►

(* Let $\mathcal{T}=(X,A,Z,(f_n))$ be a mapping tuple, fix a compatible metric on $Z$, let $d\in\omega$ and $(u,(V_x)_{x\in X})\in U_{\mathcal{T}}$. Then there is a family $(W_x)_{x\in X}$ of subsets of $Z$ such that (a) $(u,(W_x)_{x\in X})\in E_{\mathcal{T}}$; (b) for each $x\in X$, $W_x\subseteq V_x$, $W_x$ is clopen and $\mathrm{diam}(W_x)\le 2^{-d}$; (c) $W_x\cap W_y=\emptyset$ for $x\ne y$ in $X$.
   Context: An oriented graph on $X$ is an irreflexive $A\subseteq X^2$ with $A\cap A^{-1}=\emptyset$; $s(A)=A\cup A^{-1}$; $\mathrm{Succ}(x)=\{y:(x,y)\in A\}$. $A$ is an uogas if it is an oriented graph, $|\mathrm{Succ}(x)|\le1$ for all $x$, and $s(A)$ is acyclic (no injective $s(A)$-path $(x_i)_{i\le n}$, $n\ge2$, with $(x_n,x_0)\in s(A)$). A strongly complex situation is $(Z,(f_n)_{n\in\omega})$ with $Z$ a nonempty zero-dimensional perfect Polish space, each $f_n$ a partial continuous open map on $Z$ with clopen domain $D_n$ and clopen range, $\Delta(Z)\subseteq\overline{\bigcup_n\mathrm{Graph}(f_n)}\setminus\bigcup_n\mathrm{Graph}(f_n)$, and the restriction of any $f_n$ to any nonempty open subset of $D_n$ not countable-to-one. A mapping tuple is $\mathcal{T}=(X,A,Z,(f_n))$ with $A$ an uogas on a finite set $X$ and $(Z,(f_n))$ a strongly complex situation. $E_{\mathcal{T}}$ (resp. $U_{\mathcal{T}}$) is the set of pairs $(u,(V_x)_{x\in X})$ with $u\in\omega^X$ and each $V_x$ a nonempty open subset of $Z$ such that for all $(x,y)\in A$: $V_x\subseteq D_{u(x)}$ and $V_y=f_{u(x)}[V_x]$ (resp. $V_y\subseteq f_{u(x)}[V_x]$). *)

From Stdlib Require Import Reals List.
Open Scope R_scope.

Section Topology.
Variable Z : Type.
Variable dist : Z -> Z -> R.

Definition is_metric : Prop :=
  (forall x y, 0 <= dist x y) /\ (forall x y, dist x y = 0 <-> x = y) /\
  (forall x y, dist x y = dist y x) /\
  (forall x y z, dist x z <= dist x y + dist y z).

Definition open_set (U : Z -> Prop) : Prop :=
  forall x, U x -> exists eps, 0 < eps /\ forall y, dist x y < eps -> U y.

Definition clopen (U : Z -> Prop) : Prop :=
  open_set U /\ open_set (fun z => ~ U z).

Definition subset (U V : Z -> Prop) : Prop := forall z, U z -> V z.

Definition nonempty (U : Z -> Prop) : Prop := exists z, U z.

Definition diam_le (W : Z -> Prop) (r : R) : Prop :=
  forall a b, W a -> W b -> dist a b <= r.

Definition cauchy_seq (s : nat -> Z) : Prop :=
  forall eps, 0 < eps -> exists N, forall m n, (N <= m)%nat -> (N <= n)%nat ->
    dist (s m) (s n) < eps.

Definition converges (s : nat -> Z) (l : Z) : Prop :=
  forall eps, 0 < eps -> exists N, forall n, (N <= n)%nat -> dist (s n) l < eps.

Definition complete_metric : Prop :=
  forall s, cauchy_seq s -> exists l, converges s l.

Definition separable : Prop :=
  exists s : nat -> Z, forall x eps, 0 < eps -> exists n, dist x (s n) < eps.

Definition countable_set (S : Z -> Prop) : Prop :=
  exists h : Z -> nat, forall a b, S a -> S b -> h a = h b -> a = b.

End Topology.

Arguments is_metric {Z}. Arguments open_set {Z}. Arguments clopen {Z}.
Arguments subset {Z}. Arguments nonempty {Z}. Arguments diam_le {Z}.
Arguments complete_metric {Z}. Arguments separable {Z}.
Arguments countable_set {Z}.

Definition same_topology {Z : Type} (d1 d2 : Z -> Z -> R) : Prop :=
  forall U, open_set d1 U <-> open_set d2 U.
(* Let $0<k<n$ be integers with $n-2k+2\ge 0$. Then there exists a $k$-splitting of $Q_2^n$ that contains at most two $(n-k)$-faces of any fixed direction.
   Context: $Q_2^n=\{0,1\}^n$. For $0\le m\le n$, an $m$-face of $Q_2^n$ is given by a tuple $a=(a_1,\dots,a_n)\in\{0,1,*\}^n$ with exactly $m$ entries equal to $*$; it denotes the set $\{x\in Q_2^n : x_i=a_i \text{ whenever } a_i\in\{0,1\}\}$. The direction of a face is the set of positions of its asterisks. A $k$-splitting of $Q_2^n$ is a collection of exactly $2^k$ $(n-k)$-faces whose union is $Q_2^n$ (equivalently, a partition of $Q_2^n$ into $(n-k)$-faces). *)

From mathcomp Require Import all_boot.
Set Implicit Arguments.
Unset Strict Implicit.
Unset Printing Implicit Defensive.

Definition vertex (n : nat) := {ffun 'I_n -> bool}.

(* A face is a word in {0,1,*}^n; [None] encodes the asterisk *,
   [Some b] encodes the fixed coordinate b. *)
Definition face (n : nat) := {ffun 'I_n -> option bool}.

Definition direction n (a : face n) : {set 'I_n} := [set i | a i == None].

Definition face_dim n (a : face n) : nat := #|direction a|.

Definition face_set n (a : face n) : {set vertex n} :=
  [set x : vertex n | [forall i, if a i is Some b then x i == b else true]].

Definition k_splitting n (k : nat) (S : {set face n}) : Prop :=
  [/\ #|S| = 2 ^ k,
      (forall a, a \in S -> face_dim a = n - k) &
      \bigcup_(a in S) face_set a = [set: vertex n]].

◄
►

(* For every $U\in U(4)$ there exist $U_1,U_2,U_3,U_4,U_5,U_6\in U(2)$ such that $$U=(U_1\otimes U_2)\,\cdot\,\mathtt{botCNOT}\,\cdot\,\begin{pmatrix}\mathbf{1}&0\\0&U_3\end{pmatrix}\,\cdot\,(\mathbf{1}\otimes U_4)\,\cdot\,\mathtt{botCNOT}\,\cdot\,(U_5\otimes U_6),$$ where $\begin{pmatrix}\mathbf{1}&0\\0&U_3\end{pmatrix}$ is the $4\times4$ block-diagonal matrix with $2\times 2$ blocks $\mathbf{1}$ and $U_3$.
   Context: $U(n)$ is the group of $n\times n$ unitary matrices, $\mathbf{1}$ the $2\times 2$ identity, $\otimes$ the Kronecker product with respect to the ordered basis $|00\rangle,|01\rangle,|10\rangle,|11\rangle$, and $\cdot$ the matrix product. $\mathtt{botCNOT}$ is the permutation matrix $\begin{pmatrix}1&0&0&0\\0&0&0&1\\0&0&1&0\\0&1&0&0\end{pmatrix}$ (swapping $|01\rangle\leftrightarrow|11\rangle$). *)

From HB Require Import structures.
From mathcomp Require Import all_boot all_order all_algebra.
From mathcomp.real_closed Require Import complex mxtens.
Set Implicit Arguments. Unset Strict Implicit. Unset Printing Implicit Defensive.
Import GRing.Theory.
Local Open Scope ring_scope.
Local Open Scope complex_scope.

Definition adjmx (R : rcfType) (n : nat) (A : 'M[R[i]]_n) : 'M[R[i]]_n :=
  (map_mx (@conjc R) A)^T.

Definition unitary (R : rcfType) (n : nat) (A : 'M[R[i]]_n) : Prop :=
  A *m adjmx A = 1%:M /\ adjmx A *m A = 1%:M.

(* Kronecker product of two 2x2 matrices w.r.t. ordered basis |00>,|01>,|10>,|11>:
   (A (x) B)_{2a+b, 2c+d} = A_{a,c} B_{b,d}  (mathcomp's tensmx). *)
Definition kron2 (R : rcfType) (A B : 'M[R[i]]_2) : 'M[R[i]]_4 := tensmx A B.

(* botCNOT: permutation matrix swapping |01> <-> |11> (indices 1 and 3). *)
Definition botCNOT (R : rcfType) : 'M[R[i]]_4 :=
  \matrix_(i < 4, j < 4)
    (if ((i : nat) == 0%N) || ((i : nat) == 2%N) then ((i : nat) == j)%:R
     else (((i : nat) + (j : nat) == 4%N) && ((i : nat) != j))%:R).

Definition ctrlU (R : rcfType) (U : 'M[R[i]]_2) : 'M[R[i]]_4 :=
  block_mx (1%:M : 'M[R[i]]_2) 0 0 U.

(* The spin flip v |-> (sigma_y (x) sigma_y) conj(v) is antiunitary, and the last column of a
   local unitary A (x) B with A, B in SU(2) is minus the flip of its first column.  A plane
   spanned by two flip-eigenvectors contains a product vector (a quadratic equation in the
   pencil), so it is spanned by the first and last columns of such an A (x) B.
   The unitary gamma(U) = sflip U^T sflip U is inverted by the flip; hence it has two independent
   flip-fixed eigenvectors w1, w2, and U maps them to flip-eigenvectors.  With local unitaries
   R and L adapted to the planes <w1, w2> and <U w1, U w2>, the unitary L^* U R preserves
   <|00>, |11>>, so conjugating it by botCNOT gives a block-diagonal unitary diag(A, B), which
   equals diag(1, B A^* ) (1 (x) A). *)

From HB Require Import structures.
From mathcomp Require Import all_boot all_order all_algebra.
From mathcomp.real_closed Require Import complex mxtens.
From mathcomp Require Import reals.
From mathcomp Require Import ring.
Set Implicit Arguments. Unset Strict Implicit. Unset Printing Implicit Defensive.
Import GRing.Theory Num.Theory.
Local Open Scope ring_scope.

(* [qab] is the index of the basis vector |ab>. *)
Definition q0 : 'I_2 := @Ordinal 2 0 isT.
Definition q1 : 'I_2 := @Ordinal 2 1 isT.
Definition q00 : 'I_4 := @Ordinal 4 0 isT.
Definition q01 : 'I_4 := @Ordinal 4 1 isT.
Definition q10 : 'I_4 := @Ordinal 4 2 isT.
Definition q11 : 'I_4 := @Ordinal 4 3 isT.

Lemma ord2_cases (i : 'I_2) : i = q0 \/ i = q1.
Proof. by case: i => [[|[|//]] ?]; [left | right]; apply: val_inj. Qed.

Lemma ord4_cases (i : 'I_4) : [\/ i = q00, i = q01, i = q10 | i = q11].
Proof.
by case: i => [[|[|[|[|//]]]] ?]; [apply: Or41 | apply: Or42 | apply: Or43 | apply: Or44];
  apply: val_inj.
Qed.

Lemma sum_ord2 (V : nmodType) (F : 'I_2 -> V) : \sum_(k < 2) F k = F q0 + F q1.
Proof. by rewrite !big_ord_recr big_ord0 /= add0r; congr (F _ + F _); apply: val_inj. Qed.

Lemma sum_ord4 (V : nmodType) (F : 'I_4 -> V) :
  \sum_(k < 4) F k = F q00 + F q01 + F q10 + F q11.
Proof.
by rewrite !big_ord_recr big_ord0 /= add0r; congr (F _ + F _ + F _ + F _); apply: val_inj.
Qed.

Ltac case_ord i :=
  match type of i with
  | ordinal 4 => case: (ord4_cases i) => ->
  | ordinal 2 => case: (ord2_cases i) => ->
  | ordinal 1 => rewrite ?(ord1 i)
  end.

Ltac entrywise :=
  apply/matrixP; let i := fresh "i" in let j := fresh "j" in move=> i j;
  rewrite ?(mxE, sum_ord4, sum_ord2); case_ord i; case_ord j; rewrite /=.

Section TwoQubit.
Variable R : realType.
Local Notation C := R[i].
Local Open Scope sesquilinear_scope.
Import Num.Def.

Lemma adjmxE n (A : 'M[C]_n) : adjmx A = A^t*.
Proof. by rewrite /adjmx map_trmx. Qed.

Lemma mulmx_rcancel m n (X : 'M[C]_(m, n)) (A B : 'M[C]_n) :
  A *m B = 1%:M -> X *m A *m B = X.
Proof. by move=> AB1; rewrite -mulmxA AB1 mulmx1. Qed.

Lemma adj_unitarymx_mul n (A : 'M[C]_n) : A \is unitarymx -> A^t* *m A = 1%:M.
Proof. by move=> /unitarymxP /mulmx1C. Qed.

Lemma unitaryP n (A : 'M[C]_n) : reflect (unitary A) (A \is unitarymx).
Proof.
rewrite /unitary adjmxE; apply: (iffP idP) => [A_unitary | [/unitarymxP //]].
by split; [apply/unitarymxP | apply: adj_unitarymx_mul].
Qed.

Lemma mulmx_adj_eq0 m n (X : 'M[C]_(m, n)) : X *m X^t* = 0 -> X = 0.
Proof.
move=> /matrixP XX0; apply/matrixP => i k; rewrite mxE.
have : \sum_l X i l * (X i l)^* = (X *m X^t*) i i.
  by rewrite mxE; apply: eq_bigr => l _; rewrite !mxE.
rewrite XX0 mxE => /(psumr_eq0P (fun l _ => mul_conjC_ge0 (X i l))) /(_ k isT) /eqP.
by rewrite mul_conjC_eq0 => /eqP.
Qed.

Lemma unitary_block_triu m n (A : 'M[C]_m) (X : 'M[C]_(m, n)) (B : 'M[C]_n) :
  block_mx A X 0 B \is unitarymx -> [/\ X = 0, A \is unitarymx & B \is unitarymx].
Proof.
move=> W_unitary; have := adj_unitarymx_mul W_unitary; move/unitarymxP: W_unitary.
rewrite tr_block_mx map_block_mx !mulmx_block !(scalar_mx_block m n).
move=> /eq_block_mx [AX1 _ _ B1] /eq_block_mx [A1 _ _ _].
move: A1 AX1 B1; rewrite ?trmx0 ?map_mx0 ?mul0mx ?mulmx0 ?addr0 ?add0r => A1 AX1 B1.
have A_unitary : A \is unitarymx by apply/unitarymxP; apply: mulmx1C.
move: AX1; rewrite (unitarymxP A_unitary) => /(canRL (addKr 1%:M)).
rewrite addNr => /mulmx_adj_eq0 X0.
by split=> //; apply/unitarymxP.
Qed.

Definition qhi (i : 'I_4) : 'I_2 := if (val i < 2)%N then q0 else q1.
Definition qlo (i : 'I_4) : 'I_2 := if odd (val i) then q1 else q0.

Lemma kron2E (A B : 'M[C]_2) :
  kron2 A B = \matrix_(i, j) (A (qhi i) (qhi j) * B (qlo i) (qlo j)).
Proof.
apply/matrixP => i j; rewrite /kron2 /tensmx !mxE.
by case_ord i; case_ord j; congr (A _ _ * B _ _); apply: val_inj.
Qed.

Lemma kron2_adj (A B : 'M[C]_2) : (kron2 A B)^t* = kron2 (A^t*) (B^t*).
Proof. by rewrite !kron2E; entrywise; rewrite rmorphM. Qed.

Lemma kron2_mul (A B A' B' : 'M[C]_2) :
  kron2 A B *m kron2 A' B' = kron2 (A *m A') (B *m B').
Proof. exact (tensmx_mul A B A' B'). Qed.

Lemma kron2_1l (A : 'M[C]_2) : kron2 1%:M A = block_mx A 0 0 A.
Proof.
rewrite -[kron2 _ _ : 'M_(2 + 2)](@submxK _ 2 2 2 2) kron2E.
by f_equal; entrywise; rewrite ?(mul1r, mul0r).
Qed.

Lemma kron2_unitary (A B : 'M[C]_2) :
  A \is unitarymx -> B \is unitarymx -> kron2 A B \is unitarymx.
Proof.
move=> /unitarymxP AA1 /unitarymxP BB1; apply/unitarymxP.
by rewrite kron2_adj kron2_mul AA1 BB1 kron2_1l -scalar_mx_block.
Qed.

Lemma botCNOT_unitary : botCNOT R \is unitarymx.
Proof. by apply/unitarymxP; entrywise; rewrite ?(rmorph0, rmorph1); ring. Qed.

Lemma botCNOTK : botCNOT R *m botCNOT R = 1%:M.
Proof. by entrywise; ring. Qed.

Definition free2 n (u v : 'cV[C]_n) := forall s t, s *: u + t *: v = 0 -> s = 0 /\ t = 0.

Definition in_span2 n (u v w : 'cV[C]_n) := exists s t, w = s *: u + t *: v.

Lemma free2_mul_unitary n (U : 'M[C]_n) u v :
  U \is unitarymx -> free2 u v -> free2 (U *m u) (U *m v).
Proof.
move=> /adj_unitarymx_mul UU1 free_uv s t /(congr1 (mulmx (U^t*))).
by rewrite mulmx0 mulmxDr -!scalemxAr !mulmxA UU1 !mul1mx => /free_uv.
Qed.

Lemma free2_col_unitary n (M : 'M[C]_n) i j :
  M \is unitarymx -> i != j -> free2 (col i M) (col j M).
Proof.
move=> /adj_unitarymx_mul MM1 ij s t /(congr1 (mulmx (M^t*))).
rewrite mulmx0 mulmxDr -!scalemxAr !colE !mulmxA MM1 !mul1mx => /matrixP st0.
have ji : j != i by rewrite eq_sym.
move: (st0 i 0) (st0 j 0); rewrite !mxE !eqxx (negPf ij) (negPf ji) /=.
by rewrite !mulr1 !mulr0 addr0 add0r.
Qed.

◄

Take from the listing above each line that contains the string "adjmxE".

§ **Response area**
Lemma adjmxE n (A : 'M[C]_n) : adjmx A = A^t*.
rewrite /unitary adjmxE; apply: (iffP idP) => [A_unitary | [/unitarymxP //]].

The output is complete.